Not sufficiently relevant to produce the expected answer.

## The Attempt at a Solution

Completing the square, we get $$x_{1}^2 + 2x_{2}^2 + 2x_{3}^2 + 2x_{1}x_{2} + 2x_{1}x_{3} + 2x_{2}x_{3} = (x_1 + x_2 + x_3)^2 + x_{2}^2 + x_{3}^2 = 1$$.

Assigning $$x_{1}' = x_{1} + x_{2} + x_{3}, x_{2}' = x_{2}, x_{3}' = x_{3}$$ as a coordinate change (and checking that the determinant of the transformation matrix is non-zero to ensure its validity), we equivalently get $$x_{1} = x_{1}' - x_{2}' - x_{3}', x_{2} = x_{2}', x_{3} = x_{3}'$$.

Consequently, the problem can be formulated as determining the largest and smallest value of

$$x_{1}^2 + x_{2}^2 + x_{3}^2 = (x_{1}' - x_{2}' - x_{3}')^2 + x_{2}'^2 + x_{3}'^2 = x_{1}'^2 + 2x_{2}'^2 + 2x_{3}'^2 - 2x_{1}'x_{2}' - 2x_{1}'x_{3}' + 2x_{2}'x_{3}'$$ (1)

when $$x_{1}'^2 + x_{2}'^2 + x_{3}'^2 = 1$$.
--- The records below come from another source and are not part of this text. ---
Lemma dens_intE (R : realType) (n : nat) (mu : {measure set (Rn R n) -> \bar R})
    (V f : Rn R n -> R) :
  dens_integrable mu V f -> dens_int mu V f = (gibbs_mean mu V f)%:E.
Proof. by case=> _ fi; rewrite /gibbs_mean /Rintegral fineK // integrable_fin_num. Qed.

Lemma dual_solution_le (R : realType) (n k : nat) (mu : {measure set (Rn R n) -> \bar R})
    (V : 'I_k -> Rn R n -> R) (c : ('I_k -> Rn R n) -> R) (w w' : 'I_k -> Rn R n -> R) :
  dual_solution mu V c w -> dual_admissible mu V c w' ->
  \sum_i gibbs_mean mu (V i) (w i) <= \sum_i gibbs_mean mu (V i) (w' i).
Proof.
move=> [[wi _] opt] adm; have := opt w' adm; rewrite /dual_value.
rewrite (eq_bigr _ (fun i _ => dens_intE (wi i))).
by rewrite (eq_bigr _ (fun i _ => dens_intE (adm.1 i))) !sumEFin lee_fin.
Qed.

Section dual_potentials.
Variables (R : realType) (n k : nat) (mu : {measure set (Rn R n) -> \bar R}).
Variables (C : R) (lam : 'I_k -> R) (V U : 'I_k -> Rn R n -> R).
Hypothesis lam_gt0 : forall i, 0 < lam i.
Hypothesis mV : forall i, measurable_fun setT (V i).
Hypothesis iexpV : forall i, mu.-integrable setT (fun x => (expR (- V i x))%:E).
Hypothesis Z_gt0 : forall i, 0 < \int[mu]_x expR (- V i x).
Hypothesis cost_le : forall x, pair_cost C lam x <= \sum_i lam i * V i (x i).
Hypothesis solU : dual_solution mu V (pair_cost C lam) (fun i x => lam i * U i x).

Lemma potential_ge i y :
  - (\sum_(j | j != i) lam j * V j [tuple 0 | _ < n]) / lam i <= V i y.
Proof.
rewrite ler_pdivrMr // mulrC.
exact: (pair_cost_dominated_ge (W := fun i x => lam i * V i x)).
Qed.

Lemma measurable_U i : measurable_fun setT (U i).
Proof.
have := measurable_funM (measurable_cst (lam i)^-1) (solU.1.1 i).1.
by apply: eq_measurable_fun => x _; rewrite /= mulKf ?gt_eqF.
Qed.

Lemma integrable_U_density i : mu.-integrable setT
  (fun x => (U i x * expR (- V i x) / \int[mu]_y expR (- V i y))%:E).
Proof.
have := integrableZ_density (lam i)^-1 (solU.1.1 i).2.
by apply: eq_integrable => // x _; rewrite mulKf ?gt_eqF.
Qed.

Lemma gibbs_marginal i :
  ((\int[mu]_x expR (- V i x)
    * expR (gibbs_mean mu (V i) (V i) - gibbs_mean mu (V i) (U i)))%:E
   <= Zc mu (U i))%E.
Proof.
have [U_lty|] := ltP (Zc mu (U i)) +oo%E; last by rewrite leye_eq => /eqP ->; exact: leey.
have ZU_fin := integrable_fin_num measurableT (integrable_expN (measurable_U i) U_lty).
have := gibbs_inequality (mV i) (measurable_U i) (iexpV i) (Z_gt0 i)
  (integrable_U_density i) (potential_ge i) U_lty.
by rewrite /Zc -(fineK ZU_fin) lee_fin.
Qed.

Lemma Zc_U_gt0 i : (0 < Zc mu (U i))%E.
Proof. by apply: lt_le_trans (gibbs_marginal i); rewrite lte_fin mulr_gt0 ?expR_gt0. Qed.

Lemma optimality_gap_ge0 : (forall i, (Zc mu (U i) < +oo)%E) ->
  0 <= \sum_i (gibbs_mean mu (V i) (V i) - gibbs_mean mu (V i) (U i)) * lam i.
Proof.
move=> U_lty.
have iVd i := integrable_V_density (mV i) (measurable_U i) (iexpV i) (Z_gt0 i)
  (integrable_U_density i) (potential_ge i) (U_lty i).
have admV : dual_admissible mu V (pair_cost C lam) (fun i x => lam i * V i x).
  split=> // i; split; first exact: measurable_funM (measurable_cst _) (mV i).
  exact: integrableZ_density (iVd i).
have := dual_solution_le solU admV.
rewrite (eq_bigr _ (fun i _ => gibbs_meanZ _ (integrable_U_density i))).
rewrite (eq_bigr _ (fun i _ => gibbs_meanZ _ (iVd i))) -subr_ge0 -sumrB.
by under eq_bigr do rewrite -mulrBr mulrC.
Qed.

End dual_potentials.
(* In the setting and construction described in the context, for every $i=1,2,\dots,t-2$ we have $|S_{i+1}|\leq |S_i|\,(1+R(4,R(4,s)))$. (More precisely, $|X_i^j|\le R(4,R(4,s))$ for every $j$.)
   Context: All graphs are finite and simple. $P_t$ is the path on $t$ vertices; $K_4$ is the complete graph on $4$ vertices; $SDK_s$ is the one-subdivision of $K_{1,s}$ (replace each edge $uv$ of the star $K_{1,s}$ by a path $u w v$ through a new vertex $w$). A graph is $\mathcal{H}$-free if it has no induced subgraph isomorphic to a member of $\mathcal{H}$. $R(k,l)$ denotes the Ramsey number: the least integer such that every graph on at least $R(k,l)$ vertices contains a clique on $k$ vertices or a stable set on $l$ vertices. For $X\subseteq V$, $N(X)=\bigcup_{v\in X}N(v)$. Setting: $s,t$ are positive integers with $t\ge 2$, and $G=(V,E)$ is a connected $(P_t,SDK_s,K_4)$-free graph. Fix a vertex $a\in V$, let $d(v)$ be the distance from $v$ to $a$, and set $S_1=\{a\}$. For $i=1,2,\dots,t-2$ define $S_{i+1}$ as follows: let $B_i=N(S_i)$ and $W_i=V\setminus(B_i\cup S_i)$; enumerate $S_i=\{v_1,\dots,v_{|S_i|}\}$ and for $j=1,\dots,|S_i|$ let $B_i^j=\{v\in B_i\setminus\bigcup_{k<j}B_i^k : v\text{ is adjacent to }v_j\}$ (so $B_i=\bigcup_j B_i^j$); for each $j$ let $X_i^j\subseteq B_i^j$ be an inclusion-minimal set such that every $w\in W_i$ with $N(w)\cap B_i^j\neq\emptyset$ satisfies $N(w)\cap X_i^j\ne\emptyset$; let $X_i=\bigcup_j X_i^j$ and $S_{i+1}=S_i\cup X_i$. The choices of enumeration and of minimal sets are arbitrary. *)

(* Simple graphs as symmetric irreflexive relations on a finType. *)
From mathcomp Require Import all_boot.
Set Implicit Arguments. Unset Strict Implicit. Unset Printing Implicit Defensive.

Section Defs.

Definition contains_induced (U : finType) (f : rel U) (T : finType) (e : rel T) : Prop :=
  exists g : U -> T, injective g /\ forall x y, f x y = e (g x) (g y).

Definition path_rel (t : nat) : rel 'I_t :=
  fun i j => (i.+1 == j :> nat) || (j.+1 == i :> nat).

Definition complete_rel (n : nat) : rel 'I_n := fun i j => i != j.

(* SDK_s, the one-subdivision of K_{1,s}: None is the centre u,
   Some (k,false) is the subdivision vertex w_k, Some (k,true) the leaf v_k;
   edges u - w_k - v_k. *)
Definition sdk_rel (s : nat) : rel (option ('I_s * bool)) :=
  fun x y =>
    match x, y with
    | None, Some (_, false) => true
    | Some (_, false), None => true
    | Some (k, false), Some (l, true) => k == l
    | Some (k, true), Some (l, false) => k == l
    | _, _ => false
    end.

Definition is_clique (U : finType) (f : rel U) (A : {set U}) : Prop :=
  forall x y, x \in A -> y \in A -> x != y -> f x y.
Definition is_stable (U : finType) (f : rel U) (A : {set U}) : Prop :=
  forall x y, x \in A -> y \in A -> ~~ f x y.

Definition ramsey_prop (k l n : nat) : Prop :=
  forall (U : finType) (f : rel U), symmetric f -> irreflexive f -> n <= #|U| ->
    (exists A : {set U}, #|A| = k /\ is_clique f A) \/
    (exists A : {set U}, #|A| = l /\ is_stable f A).

Definition is_ramsey_number (k l r : nat) : Prop :=
  ramsey_prop k l r /\ forall n, ramsey_prop k l n -> r <= n.

Variables (T : finType) (e : rel T).

Definition nbhd (A : {set T}) : {set T} := [set v | [exists u in A, e u v]].

(* B^1, B^2, ... for the enumeration vs = [v_1; v_2; ...] of S:
   B^j = { v in B \ (B^1 u ... u B^{j-1}) : v adjacent to v_j } *)
Fixpoint Bparts (B : {set T}) (vs : seq T) : seq {set T} :=
  match vs with
  | [::] => [::]
  | v :: vs' => let Bv := [set u in B | e v u] in Bv :: Bparts (B :\: Bv) vs'
  end.

Definition covers (W Bj X : {set T}) : Prop :=
  forall w, w \in W -> [exists u in Bj, e w u] -> [exists u in X, e w u].

Definition minimal_cover (W Bj X : {set T}) : Prop :=
  X \subset Bj /\ covers W Bj X /\ forall Y : {set T}, Y \proper X -> ~ covers W Bj Y.

(* one step S_i -> S_{i+1} with enumeration vs of S_i and sets X j = X_i^{j+1}
   (j is 0-indexed) *)
Definition valid_step (S : {set T}) (vs : seq T) (X : nat -> {set T}) (S' : {set T}) : Prop :=
  [/\ uniq vs, (forall x, (x \in vs) = (x \in S)),
      (forall j, j < size vs ->
         minimal_cover (~: (nbhd S :|: S)) (nth set0 (Bparts (nbhd S) vs) j) (X j))
    & S' = S :|: \bigcup_(j < size vs) X j].

End Defs.

From mathcomp Require Import all_boot.
Set Implicit Arguments. Unset Strict Implicit. Unset Printing Implicit Defensive.

(* Only SDK_s- and K_4-freeness matter.

   Let X be an inclusion-minimal subset of B_i^j covering the relevant part of
   W_i.  By minimality every x in X has a private neighbour f x in W_i: a
   vertex adjacent to x and to no other element of X; f is injective on X.
   If |X| >= R(4,R(4,s)), Ramsey's theorem and K_4-freeness give a stable
   Y in X with |Y| = R(4,s); applied again to the images f y (y in Y) it gives
   a stable Z in Y of size s whose private neighbours are pairwise
   non-adjacent.  Then v_j, Z and f(Z) induce SDK_s, a contradiction. *)

Lemma card_bigcup_le (T : finType) (n m : nat) (F : nat -> {set T}) :
  (forall j, j < n -> #|F j| <= m) -> #|\bigcup_(j < n) F j| <= n * m.
Proof.
elim: n => [|n IH] HF; first by rewrite big_ord0 cards0.
rewrite big_ord_recr /= mulSn addnC.
apply: leq_trans (leq_card_setU _ _) (leq_add _ (HF _ (ltnSn n))).
by apply: IH => j /ltnW; apply: HF.
Qed.

Lemma card_indexing (T : finType) (A : {set T}) (n : nat) :
  #|A| = n -> exists z : 'I_n -> T, injective z /\ forall k, z k \in A.
Proof.
move=> HA; exists (fun k => enum_val (cast_ord (esym HA) k)); split.
  by move=> k l /enum_val_inj /(congr1 val) /= kl; apply: val_inj.
by move=> k; apply: enum_valP.
Qed.

Lemma ramsey_in_set (T : finType) (f : rel T) (k l n : nat) (X : {set T}) :
  symmetric f -> irreflexive f -> ramsey_prop k l n -> n <= #|X| ->
  (exists2 A : {set T}, A \subset X & #|A| = k /\ is_clique f A) \/
  (exists2 A : {set T}, A \subset X & #|A| = l /\ is_stable f A).
Proof.
move=> fsym firr Hram HX.
pose fU : rel {x : T | x \in X} := fun x y => f (val x) (val y).
have cardU : n <= #|{: {x : T | x \in X}}| by rewrite card_sig.
have sub (A : {set {x : T | x \in X}}) : val @: A \subset X.
  by apply/subsetP => _ /imsetP[y _ ->]; apply: valP.
have cardA (A : {set {x : T | x \in X}}) : #|val @: A| = #|A|.
  by apply: card_imset; apply: val_inj.
case: (Hram _ fU (fun x y => fsym _ _) (fun x => firr _) cardU).
  case=> A [<- Acl]; left; exists (val @: A); rewrite ?cardA //; split => //.
  move=> _ _ /imsetP[x xA ->] /imsetP[y yA ->] Hne.
  by apply: Acl => //; apply: contraNneq Hne => ->.
case=> A [<- Ast]; right; exists (val @: A); rewrite ?cardA //; split => //.
by move=> _ _ /imsetP[x xA ->] /imsetP[y yA ->]; apply: Ast.
Qed.

Section Graph.
Variables (T : finType) (e : rel T).
Hypotheses (e_sym : symmetric e) (e_irr : irreflexive e).

Lemma induced_complete (n : nat) (A : {set T}) (h : T -> T) :
  #|A| = n -> {in A &, injective h} ->
  is_clique (fun x y => e (h x) (h y)) A -> contains_induced (@complete_rel n) e.
Proof.
move=> /card_indexing[z [zinj zA]] hinj Acl.
exists (h \o z); split=> [k l /hinj hkl|k l /=].
  by apply: zinj; apply: hkl.
rewrite /complete_rel; have [->|kl] := eqVneq k l; first by rewrite e_irr.
by rewrite (Acl (z k) (z l)) ?(inj_eq zinj).
Qed.

Lemma free_stable_subset (k l n : nat) (X : {set T}) (h : T -> T) :
  ~ contains_induced (@complete_rel k) e -> {in X &, injective h} ->
  ramsey_prop k l n -> n <= #|X| ->
  exists2 Y : {set T}, Y \subset X & #|Y| = l /\ is_stable (fun x y => e (h x) (h y)) Y.
Proof.
move=> Kfree hinj Hram HX.
have [[A AX [Ak Acl]]|//] := ramsey_in_set (fun x y => e_sym (h x) (h y))
  (fun x => e_irr (h x)) Hram HX.
case: Kfree; apply: induced_complete Ak _ Acl.
by apply: sub_in2 hinj => x; apply: (subsetP AX).
Qed.

Definition private_nbr (X : {set T}) (x w : T) : bool :=
  e w x && [forall y in X, e w y ==> (y == x)].

Lemma private_nbrP (X : {set T}) (x w y : T) :
  private_nbr X x w -> y \in X -> e w y -> y = x.
Proof. by case/andP=> _ /forallP /(_ y) /implyP H yX /(implyP (H yX)) /eqP. Qed.

(* Minimality of a cover X forces a private neighbour in W for each x in X:
   otherwise X :\ x would still be a cover. *)
Lemma minimal_cover_private (W Bj X : {set T}) (x : T) :
  minimal_cover e W Bj X -> x \in X -> exists2 w, w \in W & private_nbr X x w.
Proof.
move=> [_ [Xcov Xmin]] xX.
have [/existsP[w /and3P[wW wBj wX]]|noW] :=
  boolP [exists w, [&& w \in W, [exists u in Bj, e w u] & ~~ [exists u in X :\ x, e w u]]].
  have only_x y : y \in X -> e w y -> y = x.
    move=> yX wy; apply/eqP; apply: contraNT wX => yx.
    by apply/existsP; exists y; rewrite !inE yx yX.
  exists w => //; case/existsP: (Xcov w wW wBj) => u /andP[uX wu].
  rewrite /private_nbr -(only_x u uX wu) wu; apply/forallP => y.
  by apply/implyP => yX; apply/implyP => /(only_x y yX) ->; rewrite (only_x u uX wu).
case: (Xmin (X :\ x)); first by rewrite properD1.
move=> w wW wBj; apply: contraNT noW => wX.
by apply/existsP; exists w; rewrite wW wBj wX.
Qed.

Lemma private_nbr_map (W Bj X : {set T}) :
  minimal_cover e W Bj X ->
  exists f : T -> T, forall x, x \in X -> f x \in W /\ private_nbr X x (f x).
Proof.
move=> Xmin; exists (fun x => odflt x [pick w in W | private_nbr X x w]) => x xX.
case: pickP => [w /andP[] //|none].
by have [w wW wP] := minimal_cover_private Xmin xX; move: (none w); rewrite /= wW wP.
Qed.

Lemma induced_sdk (s : nat) (v : T) (Z : {set T}) (f : T -> T) :
  #|Z| = s ->
  (forall z, z \in Z -> [/\ e v z, e z (f z), ~~ e v (f z) & f z != v]) ->
  (forall z y, z \in Z -> y \in Z -> e (f z) y -> y = z) ->
  is_stable e Z -> is_stable (fun x y => e (f x) (f y)) Z ->
  contains_induced (@sdk_rel s) e.
Proof.
move=> /card_indexing[z [zinj zZ]] Zf fpriv Zst fZst.
have [evz ezf evf fv] : [/\ forall k, e v (z k), forall k, e (z k) (f (z k)),
    forall k, ~~ e v (f (z k)) & forall k, f (z k) != v].
  by split=> k; case: (Zf _ (zZ k)).
have ezf_eq k l : e (z k) (f (z l)) = (k == l).
  have [<-|kl] := eqVneq k l; first exact: ezf.
  apply/negbTE/negP; rewrite e_sym => /(fpriv _ _ (zZ l) (zZ k)) /zinj lk.
  by rewrite lk eqxx in kl.
have finj k l : f (z k) = f (z l) -> k = l.
  by move=> fkl; apply/eqP; rewrite -ezf_eq -fkl.
have zf k l : z k != f (z l).
  by apply/eqP => zkl; move: (ezf l); rewrite -zkl (negbTE (Zst _ _ (zZ l) (zZ k))).
have vz k : z k != v by apply: contraTneq (evz k) => ->; rewrite e_irr.
pose g (x : option ('I_s * bool)) :=
  if x is Some (k, b) then (if b then f (z k) else z k) else v.
exists g; split.
  case=> [[k [|]]|] [[l [|]]|] //= gkl; first by rewrite (finj _ _ gkl).
  - by case/eqP: (zf l k).
  - by case/eqP: (fv k).
  - by case/eqP: (zf k l).
  - by rewrite (zinj _ _ gkl).
  - by case/eqP: (vz k).
  - by case/eqP: (fv l).
  - by case/eqP: (vz l).
case=> [[k [|]]|] [[l [|]]|] /=.
- by rewrite (negbTE (fZst _ _ (zZ k) (zZ l))).
- by rewrite e_sym ezf_eq eq_sym.
- by rewrite e_sym (negbTE (evf k)).
- by rewrite ezf_eq.
- by rewrite (negbTE (Zst _ _ (zZ k) (zZ l))).
- by rewrite e_sym evz.
- by rewrite (negbTE (evf l)).
- by rewrite evz.
- by rewrite e_irr.
Qed.

Lemma minimal_cover_card_lt (s r m : nat) (W Bj X : {set T}) (v : T) :
  ~ contains_induced (@sdk_rel s) e -> ~ contains_induced (@complete_rel 4) e ->
  ramsey_prop 4 s r -> ramsey_prop 4 r m ->
  minimal_cover e W Bj X ->
  (forall u, u \in Bj -> e v u /\ u \notin W) -> v \notin W ->
  (forall w, w \in W -> ~~ e v w) ->
  #|X| < m.
Proof.
move=> SDKfree K4free Rs Rr Xmin vBj vW vWnot.
have [f Xf] := private_nbr_map Xmin.
have fpriv x y : x \in X -> y \in X -> e (f x) y -> y = x.
  by move=> /Xf[_ xf]; apply: private_nbrP xf.
have efx x : x \in X -> e (f x) x by case/Xf=> _ /andP[].
have finj : {in X &, injective f}.
  by move=> x y xX yX fxy; apply: (fpriv y x yX xX); rewrite -fxy efx.
rewrite ltnNge; apply/negP => mX.
have [Y YX [Yr Yst]] := @free_stable_subset _ _ _ _ id K4free
  (in2W (fun x y => id)) Rr mX.
have sub_inj : {in Y &, injective f}.
  by apply: sub_in2 finj => x; apply: (subsetP YX).
have [Z ZY [Zs fZst]] := free_stable_subset K4free sub_inj Rs (eq_leq (esym Yr)).
have ZX z : z \in Z -> z \in X by move=> zZ; apply: (subsetP YX); apply: (subsetP ZY).
apply: SDKfree; apply: (induced_sdk (v := v) Zs) fZst.
- move=> z zZ; have zX := ZX z zZ; have [fzW _] := Xf z zX.
  split; first by case: (vBj z (subsetP (proj1 Xmin) z zX)).
  + by rewrite e_sym efx.
  + exact: vWnot fzW.
  + by apply: contraNneq vW => <-.
- by move=> z y /ZX zX /ZX yX; apply: fpriv.
- by move=> x y /(subsetP ZY) xY /(subsetP ZY) yY; apply: Yst.
Qed.

Lemma Bparts_centre (B : {set T}) (vs : seq T) (j : nat) :
  j < size vs -> exists2 v, v \in vs &
    forall u, u \in nth set0 (Bparts e B vs) j -> e v u && (u \in B).
Proof.
elim: vs B j => [|v vs IH] B [|j] //= jvs.
  by exists v; rewrite ?mem_head // => u; rewrite inE andbC.
have [w wvs Hw] := IH (B :\: [set u in B | e v u]) j jvs.
exists w; first by rewrite inE wvs orbT.
by move=> u /Hw /andP[-> /setDP[]].
Qed.

(* In one construction step each X^j has fewer than R(4,R(4,s)) elements:
   the part B^j and its centre v_j satisfy the hypotheses of
   minimal_cover_card_lt with W = V \ (N(S) u S). *)
Lemma valid_step_cover_lt (s r m : nat) (S S' : {set T}) (vs : seq T)
    (X : nat -> {set T}) (j : nat) :
  ~ contains_induced (@sdk_rel s) e -> ~ contains_induced (@complete_rel 4) e ->
  ramsey_prop 4 s r -> ramsey_prop 4 r m ->
  valid_step e S vs X S' -> j < size vs -> #|X j| < m.
Proof.
move=> SDKfree K4free Rs Rr [_ mem_vs Xcov _] jvs.
have [v v_vs vBj] := Bparts_centre (nbhd e S) jvs.
have vS : v \in S by rewrite -mem_vs.
apply: (minimal_cover_card_lt (v := v) SDKfree K4free Rs Rr (Xcov j jvs))
  => [u||w].
- by case/vBj/andP=> -> uN; rewrite in_setC negbK in_setU uN.
- by rewrite !inE vS orbT.
- rewrite !inE negb_or => /andP[wN _]; apply: contra wN => evw.
  by apply/existsP; exists v; rewrite vS.
Qed.

Lemma valid_step_card (S S' : {set T}) (vs : seq T) (X : nat -> {set T}) (m : nat) :
  valid_step e S vs X S' -> (forall j, j < size vs -> #|X j| <= m) ->
  #|S'| <= #|S| * (1 + m).
Proof.
move=> [vs_uniq mem_vs _ ->] Xm.
have size_vs : size vs = #|S|.
  by rewrite -(card_uniqP vs_uniq); apply: eq_card => x; rewrite mem_vs.
apply: leq_trans (leq_card_setU _ _) _.
by rewrite mulnDr muln1 leq_add2l -size_vs card_bigcup_le.
Qed.

End Graph.

Theorem lemma3p1 (s t : nat) (T : finType) (e : rel T)
  (R4s R4R4s : nat) (a : T)
  (S : nat -> {set T}) (vs : nat -> seq T) (X : nat -> nat -> {set T}) :
  0 < s -> 2 <= t ->
  symmetric e -> irreflexive e ->
  (forall x y, connect e x y) ->
  ~ contains_induced (@path_rel t) e ->
  ~ contains_induced (@sdk_rel s) e ->
  ~ contains_induced (@complete_rel 4) e ->
  is_ramsey_number 4 s R4s ->
  is_ramsey_number 4 R4s R4R4s ->
  S 1 = [set a] ->
  (forall i, 1 <= i <= t - 2 -> valid_step e (S i) (vs i) (X i) (S i.+1)) ->
  forall i, 1 <= i <= t - 2 ->
    #|S i.+1| <= #|S i| * (1 + R4R4s) /\
    (forall j, j < size (vs i) -> #|X i j| <= R4R4s).
Proof.
move=> _ _ e_sym e_irr _ _ SDKfree K4free [Rs _] [Rr _] _ step i irange.
have Xsmall j : j < size (vs i) -> #|X i j| <= R4R4s.
  move=> jvs; apply/ltnW.
  exact: (valid_step_cover_lt e_sym e_irr SDKfree K4free Rs Rr (step i irange)).
by split=> //; apply: valid_step_card (step i irange) Xsmall.
Qed.
Theorem mainTheorem15
  (d : Order.disp_t) (P : nat -> finPOrderType d)
  (K : fieldType) (A : algType K)
  (F M : forall n : nat, P n -> A)
  (Sh : forall n m : nat, {set P n} -> {set P m} ->
          {set {ffun P n * P m -> P (n + m)%N}})
  (* {F_f : n >= 0, f in P_n} is a basis of H = A (free and spanning) *)
  (Ffree : forall (s : seq {n : nat & P n}) (c : {n : nat & P n} -> K),
      uniq s -> \sum_(p <- s) c p *: F (tag p) (tagged p) = 0 ->
      forall p, p \in s -> c p = 0)
  (Fspan : forall a : A, exists (s : seq {n : nat & P n}) (c : {n : nat & P n} -> K),
      a = \sum_(p <- s) c p *: F (tag p) (tagged p))
  (* definition of the M basis *)
  (FM : forall n (f : P n), F n f = \sum_(g : P n | (f <= g)%O) M n g)
  (* shuffles are determined by their values on C x C' *)
  (Shfun : forall n m (f : P n) (g : P m) (z1 z2 : {ffun P n * P m -> P (n + m)%N}),
      z1 \in Sh n m (hcomp f) (hcomp g) -> z2 \in Sh n m (hcomp f) (hcomp g) ->
      (forall f' g', f' \in hcomp f -> g' \in hcomp g -> z1 (f', g') = z2 (f', g')) ->
      z1 = z2)
  (* (m0) *)
  (m0 : forall n (x y : P n), y \in hcomp x -> exists z, is_lub x y z)
  (* (m1) *)
  (m1 : forall n m (f : P n) (g : P m),
      F n f * F m g = \sum_(z in Sh n m (hcomp f) (hcomp g)) F (n + m)%N (z (f, g)))
  (* (m2) *)
  (m2 : forall n m (f0 : P n) (g0 : P m) z, z \in Sh n m (hcomp f0) (hcomp g0) ->
      forall f f' g g', f \in hcomp f0 -> f' \in hcomp f0 -> g \in hcomp g0 -> g' \in hcomp g0 ->
      (f <= f')%O -> (g <= g')%O -> (z (f, g) <= z (f', g'))%O)
  (* (m3) *)
  (m3 : forall n m (f0 : P n) (g0 : P m) z, z \in Sh n m (hcomp f0) (hcomp g0) ->
      forall f1 f2 g1 g2, f1 \in hcomp f0 -> f2 \in hcomp f0 ->
        g1 \in hcomp g0 -> g2 \in hcomp g0 ->
      forall a b c, is_lub f1 f2 a -> is_lub g1 g2 b ->
        is_lub (z (f1, g1)) (z (f2, g2)) c -> (z (a, b) <= c)%O)
  (n m : nat) (f : P n) (g : P m) :
  M n f * M m g =
    \sum_(h : P (n + m)%N) (#|Aset (Sh n m (hcomp f) (hcomp g)) f g h|)%:R *: M (n + m)%N h.
Proof. exact: (M_mul_M FM m0 m1 m2 m3 (f, g)). Qed.
Theorem theorem2 (p alpha : R) (E E' : R -> R)
  (Hp : 0 < p < 1)
  (Halpha : 0 < alpha < p / (1 - p))
  (HE : proper_error_score E E')
  (Hlim1 : ex_lim_pinfty_Rbar (fun x => E' x / E x))
  (Hlim2 : forall a, 0 < a < 1 -> ex_lim_pinfty_Rbar (fun x => E x / E (a * x)))
  (Hlim3 : forall a, 0 < a < 1 -> ex_lim_pinfty_Rbar (fun x => E' x / E' (a * x)))
  (Hgrowth : filterlim (fun x => - ln (E x) / ln x)
               (Rbar_locally p_infty) (Rbar_locally p_infty)) :
  undulating p alpha E'.
Proof.
  set (b := alpha * (1 - p) / p).
  assert (Hb : 0 < b < 1).
  { assert (alpha * (1 - p) < p).
    { replace p with (p / (1 - p) * (1 - p)) at 2 by (field; lra). nra. }
    unfold b; split; [apply Rdiv_lt_0_compat; nra |].
    apply (Rmult_lt_reg_r p); [lra |].
    replace (alpha * (1 - p) / p * p) with (alpha * (1 - p)) by (field; lra). lra. }
  assert (Hscale : forall m, alpha * (1 - p) * m = b * (p * m)) by (intros; unfold b; field; lra).
  destruct (ex_lim_pinfty_eventually_lt_or_gt _ (b / 2) b (Hlim3 b Hb) ltac:(lra))
    as [[X Hbelow] | [X Habove]].
  - destruct (score_deriv_ratio_gt_near_0 E E' HE b Hb) as [d [Hd Hnear]].
    exists (d / p), (X / p); fold b; split; intros m Hm Hmz; rewrite Hscale.
    + assert (p * m < d) by (apply (Rmult_lt_compat_l p) in Hmz; [field_simplify in Hmz |]; lra).
      assert (0 <= p * m) by nra.
      apply Hnear; [lra | nra | lra | nra].
    + apply Hbelow. apply (Rmult_lt_compat_l p) in Hmz; [field_simplify in Hmz |]; lra.
  - exfalso.
    destruct (score_ratio_lower_bound E E' HE b (b / 2) X Hb ltac:(lra) Habove)
      as [X' [HX' Hratio]].
    destruct (score_neg_ln_le_ln E E' HE b (b / 2 / b) X' Hb
                ltac:(apply Rdiv_lt_0_compat; lra) HX' Hratio) as [C [K Hbound]].
    exact (not_div_ln_pinfty_of_le_ln _ C K X' Hbound Hgrowth).
Qed.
Rewriting (1), we get: $$x_{1}'^2 + 2x_{2}'^2 + 2x_{3}'^2 - 2x_{1}'x_{2}' - 2x_{1}'x_{3}' + 2x_{2}'x_{3}' = \begin{pmatrix}x_{1}' & x_{2}' & x_{3}' \end{pmatrix} \begin{pmatrix} 1 & -1 & -1 \\ -1 & 2 & 1 \\ -1 & 1 & 2 \end{pmatrix} \begin{pmatrix}x_{1}' \\ x_{2}' \\ x_{3}' \end{pmatrix} = X'^tAX' = X''^tDX'' = \lambda_{1} x''_{1}^2 + \lambda_{2} x''_{2}^2 + \lambda_{3} x''_{3}^2$$

by using the spectral theorem, the relation $$X' = TX''$$ between the bases and the orthogonality of transformation matrices between orthonormal bases. (T and D are obviously the transformation matrix between the bases and the diagonalized matrix in the orthonormal eigenvector base, respectively.)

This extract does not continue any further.